=== Input records ===

(* Let $F:\mathbb{R}^k_+\to\mathbb{R}^k_+$ satisfy $\sup_{x\in\mathbb{R}^k_+}\|F(x)\|<\infty$. Let $M_0\in\{\{0\},\ \partial\mathbb{R}^k_+\}$ be absorbing for the nonlinear Poisson process $\{X^\varepsilon_t\}$ associated with $F$. Assume $F_i(x)>0$ for all $i$ and all $x\in\mathbb{R}^k_+\setminus M_0$. Then, for each $\varepsilon>0$, the process has at least one quasi-stationary distribution supported on $\varepsilon\mathbb{Z}^k_+\setminus M_0$. That is, there is a probability measure $\mu_\varepsilon$ on $\varepsilon\mathbb{Z}^k_+\setminus M_0$ and $\lambda_\varepsilon\in(0,1)$ with $\sum_{x}\mu_\varepsilon(x)p^\varepsilon(x,\Gamma)=\lambda_\varepsilon\mu_\varepsilon(\Gamma)$ for all $\Gamma\subset\varepsilon\mathbb{Z}^k_+\setminus M_0$.
   Context: Let $\mathbb{R}^k_+=\{x\in\mathbb{R}^k:x_i\ge0\}$ and $\partial\mathbb{R}^k_+=\{x\in\mathbb{R}^k_+:\prod_ix_i=0\}$. For $y\in\mathbb{R}^k_+$, let $Z_1(y),Z_2(y),\dots$ be i.i.d. random vectors with independent components, the $i$-th component being Poisson distributed with mean $y_i$. Given $\varepsilon>0$ and $X^\varepsilon_0\in\varepsilon\mathbb{Z}^k_+$, the nonlinear Poisson process associated with $F$ is the Markov chain on $\varepsilon\mathbb{Z}^k_+$ defined by $X^\varepsilon_{t+1}=\varepsilon Z_{t+1}(F(X^\varepsilon_t)/\varepsilon)$ (independent Poisson draws at each step). Its transition kernel is $p^\varepsilon$. A set $M_0$ is absorbing if $p^\varepsilon(x,M_0)=1$ for $x\in M_0$. *)

From Stdlib Require Import Reals.
From mathcomp Require Import all_boot.
Set Implicit Arguments. Unset Strict Implicit. Unset Printing Implicit Defensive.

Open Scope R_scope.

Definition vecR (k : nat) := 'I_k -> R.

Definition nonnegv (k : nat) (x : vecR k) : Prop := forall i, 0 <= x i.

Definition origin_set (k : nat) (x : vecR k) : Prop := forall i, x i = 0.
Definition boundary_set (k : nat) (x : vecR k) : Prop :=
  nonnegv x /\ \big[Rmult/1]_(i < k) x i = 0.

(* lattice index n in Z^k_+ ; the actual point is eps * n in eps Z^k_+ *)
Definition lat (k : nat) := {ffun 'I_k -> nat}.
Definition pos (k : nat) (eps : R) (n : lat k) : vecR k := fun i => eps * INR (n i).

Definition poisson_pmf (lam : R) (j : nat) : R := exp (- lam) * lam ^ j / INR (j`!).

(* transition kernel p^eps(eps n, eps m) of the nonlinear Poisson process:
   X_{t+1} = eps * Z(F(X_t)/eps), independent Poisson components *)
Definition kernel (k : nat) (F : vecR k -> vecR k) (eps : R) (n m : lat k) : R :=
  \big[Rmult/1]_(i < k) poisson_pmf (F (pos eps n) i / eps) (m i).

(* has_sum P f s : the (unordered) sum of the nonnegative family f over the
   points satisfying P equals s, i.e. s is the supremum of finite partial sums. *)
Definition has_sum (T : eqType) (P : T -> Prop) (f : T -> R) (s : R) : Prop :=
  is_lub (fun r => exists l : seq T, uniq l /\ (forall y, y \in l -> P y) /\
                     r = \big[Rplus/0]_(y <- l) f y) s.

Definition absorbing (k : nat) (F : vecR k -> vecR k) (eps : R) (M0 : vecR k -> Prop) : Prop :=
  forall n : lat k, M0 (pos eps n) ->
    has_sum (fun m => M0 (pos eps m)) (kernel F eps n) 1.

Definition is_QSD (k : nat) (F : vecR k -> vecR k) (eps : R) (M0 : vecR k -> Prop)
    (mu : lat k -> R) (lam : R) : Prop :=
  (forall n, 0 <= mu n) /\
  (forall n, M0 (pos eps n) -> mu n = 0) /\
  has_sum (fun _ => True) mu 1 /\
  0 < lam < 1 /\
  (forall Gamma : lat k -> Prop, (forall n, Gamma n -> ~ M0 (pos eps n)) ->
     exists (q : lat k -> R) (a b : R),
       (forall n, has_sum Gamma (kernel F eps n) (q n)) /\
       has_sum (fun _ => True) (fun n => mu n * q n) a /\
       has_sum Gamma mu b /\
       a = lam * b).

(* On a finite set [S] of points outside [M0] the kernel is strictly positive, so the
   probabilities of surviving [n] steps in [S] are comparable from any starting point and
   almost multiplicative in [n]; by Fekete's lemma they grow like [rho ^ n], and the time
   average of [x0 Q^n / rho ^ n], normalised, is an approximate quasi-stationary
   distribution on [S], with an error dominated by the Poisson weights of the maximal mean.
   These bounds are uniform in [S], so along an exhausting sequence of truncations a
   diagonal argument extracts a limit [(lam, mu)], and the summable domination lets the
   total mass and the eigen-equation pass to the limit. *)

From Pilot Require Import Defs.
From Stdlib Require Import Reals Lra Lia.
From Stdlib Require Import Classical ClassicalEpsilon.
From HB Require Import structures.
From mathcomp Require Import all_boot.
Open Scope R_scope.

===

Your answer should be the lines above, from the line containing "Definition has_sum (T" up to and including the line containing "(forall Gamma : lat", reproduced exactly and with nothing else.

Definition has_sum (T : eqType) (P : T -> Prop) (f : T -> R) (s : R) : Prop :=
  is_lub (fun r => exists l : seq T, uniq l /\ (forall y, y \in l -> P y) /\
                     r = \big[Rplus/0]_(y <- l) f y) s.

Definition absorbing (k : nat) (F : vecR k -> vecR k) (eps : R) (M0 : vecR k -> Prop) : Prop :=
  forall n : lat k, M0 (pos eps n) ->
    has_sum (fun m => M0 (pos eps m)) (kernel F eps n) 1.

Definition is_QSD (k : nat) (F : vecR k -> vecR k) (eps : R) (M0 : vecR k -> Prop)
    (mu : lat k -> R) (lam : R) : Prop :=
  (forall n, 0 <= mu n) /\
  (forall n, M0 (pos eps n) -> mu n = 0) /\
  has_sum (fun _ => True) mu 1 /\
  0 < lam < 1 /\
  (forall Gamma : lat k -> Prop, (forall n, Gamma n -> ~ M0 (pos eps n)) ->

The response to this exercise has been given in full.